**WHAT IS EXPECTED**
Only the lines below from the one containing "Definition in_dom (x" to the one containing "Definition dot (a" should be repeated, both included and unchanged.

=== Begin Enclosure ===

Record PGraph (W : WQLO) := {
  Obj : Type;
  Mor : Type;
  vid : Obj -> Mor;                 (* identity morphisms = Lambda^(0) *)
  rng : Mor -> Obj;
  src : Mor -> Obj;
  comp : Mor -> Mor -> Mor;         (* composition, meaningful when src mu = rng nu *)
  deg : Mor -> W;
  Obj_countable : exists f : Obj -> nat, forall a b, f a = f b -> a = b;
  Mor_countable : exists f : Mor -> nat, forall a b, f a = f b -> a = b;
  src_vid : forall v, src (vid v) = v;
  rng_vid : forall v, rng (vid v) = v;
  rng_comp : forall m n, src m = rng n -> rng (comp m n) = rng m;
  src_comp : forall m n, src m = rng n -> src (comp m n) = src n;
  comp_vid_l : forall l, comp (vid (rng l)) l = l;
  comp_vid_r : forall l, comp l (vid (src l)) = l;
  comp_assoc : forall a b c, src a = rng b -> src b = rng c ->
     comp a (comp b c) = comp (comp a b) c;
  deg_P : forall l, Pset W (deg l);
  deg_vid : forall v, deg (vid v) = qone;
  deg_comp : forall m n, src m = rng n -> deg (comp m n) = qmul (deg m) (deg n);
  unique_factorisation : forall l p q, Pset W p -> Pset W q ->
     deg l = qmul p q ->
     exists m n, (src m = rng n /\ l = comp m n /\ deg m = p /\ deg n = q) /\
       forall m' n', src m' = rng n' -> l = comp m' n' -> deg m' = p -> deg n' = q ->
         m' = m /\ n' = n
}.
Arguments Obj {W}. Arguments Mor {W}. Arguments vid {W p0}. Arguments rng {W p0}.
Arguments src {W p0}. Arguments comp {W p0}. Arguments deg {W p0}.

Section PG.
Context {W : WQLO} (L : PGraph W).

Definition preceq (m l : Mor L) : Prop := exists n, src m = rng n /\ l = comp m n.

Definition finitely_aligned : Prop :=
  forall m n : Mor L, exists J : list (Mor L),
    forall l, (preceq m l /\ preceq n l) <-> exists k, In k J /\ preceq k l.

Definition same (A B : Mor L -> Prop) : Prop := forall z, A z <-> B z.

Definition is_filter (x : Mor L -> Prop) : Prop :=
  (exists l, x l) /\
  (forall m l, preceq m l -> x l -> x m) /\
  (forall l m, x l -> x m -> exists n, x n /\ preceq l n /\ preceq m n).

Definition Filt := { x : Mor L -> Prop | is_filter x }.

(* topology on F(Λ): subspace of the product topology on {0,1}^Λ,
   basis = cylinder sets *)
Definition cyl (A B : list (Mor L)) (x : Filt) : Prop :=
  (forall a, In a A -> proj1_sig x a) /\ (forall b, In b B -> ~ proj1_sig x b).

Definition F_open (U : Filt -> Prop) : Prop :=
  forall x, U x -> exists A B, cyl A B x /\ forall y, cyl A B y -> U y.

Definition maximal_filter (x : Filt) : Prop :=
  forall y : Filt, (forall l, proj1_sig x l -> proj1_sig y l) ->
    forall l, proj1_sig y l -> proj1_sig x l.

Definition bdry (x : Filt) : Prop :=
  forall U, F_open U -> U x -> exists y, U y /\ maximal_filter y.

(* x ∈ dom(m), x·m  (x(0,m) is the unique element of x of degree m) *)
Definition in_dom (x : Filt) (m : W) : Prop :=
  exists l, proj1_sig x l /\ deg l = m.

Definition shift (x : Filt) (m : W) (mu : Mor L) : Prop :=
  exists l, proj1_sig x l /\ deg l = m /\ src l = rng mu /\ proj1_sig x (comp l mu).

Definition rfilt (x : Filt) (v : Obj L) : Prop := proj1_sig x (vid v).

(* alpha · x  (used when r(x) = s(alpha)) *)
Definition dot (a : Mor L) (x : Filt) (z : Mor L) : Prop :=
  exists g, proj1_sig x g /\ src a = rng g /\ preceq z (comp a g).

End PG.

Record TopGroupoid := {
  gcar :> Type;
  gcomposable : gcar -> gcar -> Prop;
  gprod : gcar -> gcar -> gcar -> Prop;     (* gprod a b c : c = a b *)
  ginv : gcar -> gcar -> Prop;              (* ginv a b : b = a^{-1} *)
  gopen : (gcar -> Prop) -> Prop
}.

=== End Enclosure ===

**RESPONSE**
Definition in_dom (x : Filt) (m : W) : Prop :=
  exists l, proj1_sig x l /\ deg l = m.

Definition shift (x : Filt) (m : W) (mu : Mor L) : Prop :=
  exists l, proj1_sig x l /\ deg l = m /\ src l = rng mu /\ proj1_sig x (comp l mu).

Definition rfilt (x : Filt) (v : Obj L) : Prop := proj1_sig x (vid v).

(* alpha · x  (used when r(x) = s(alpha)) *)
Definition dot (a : Mor L) (x : Filt) (z : Mor L) : Prop :=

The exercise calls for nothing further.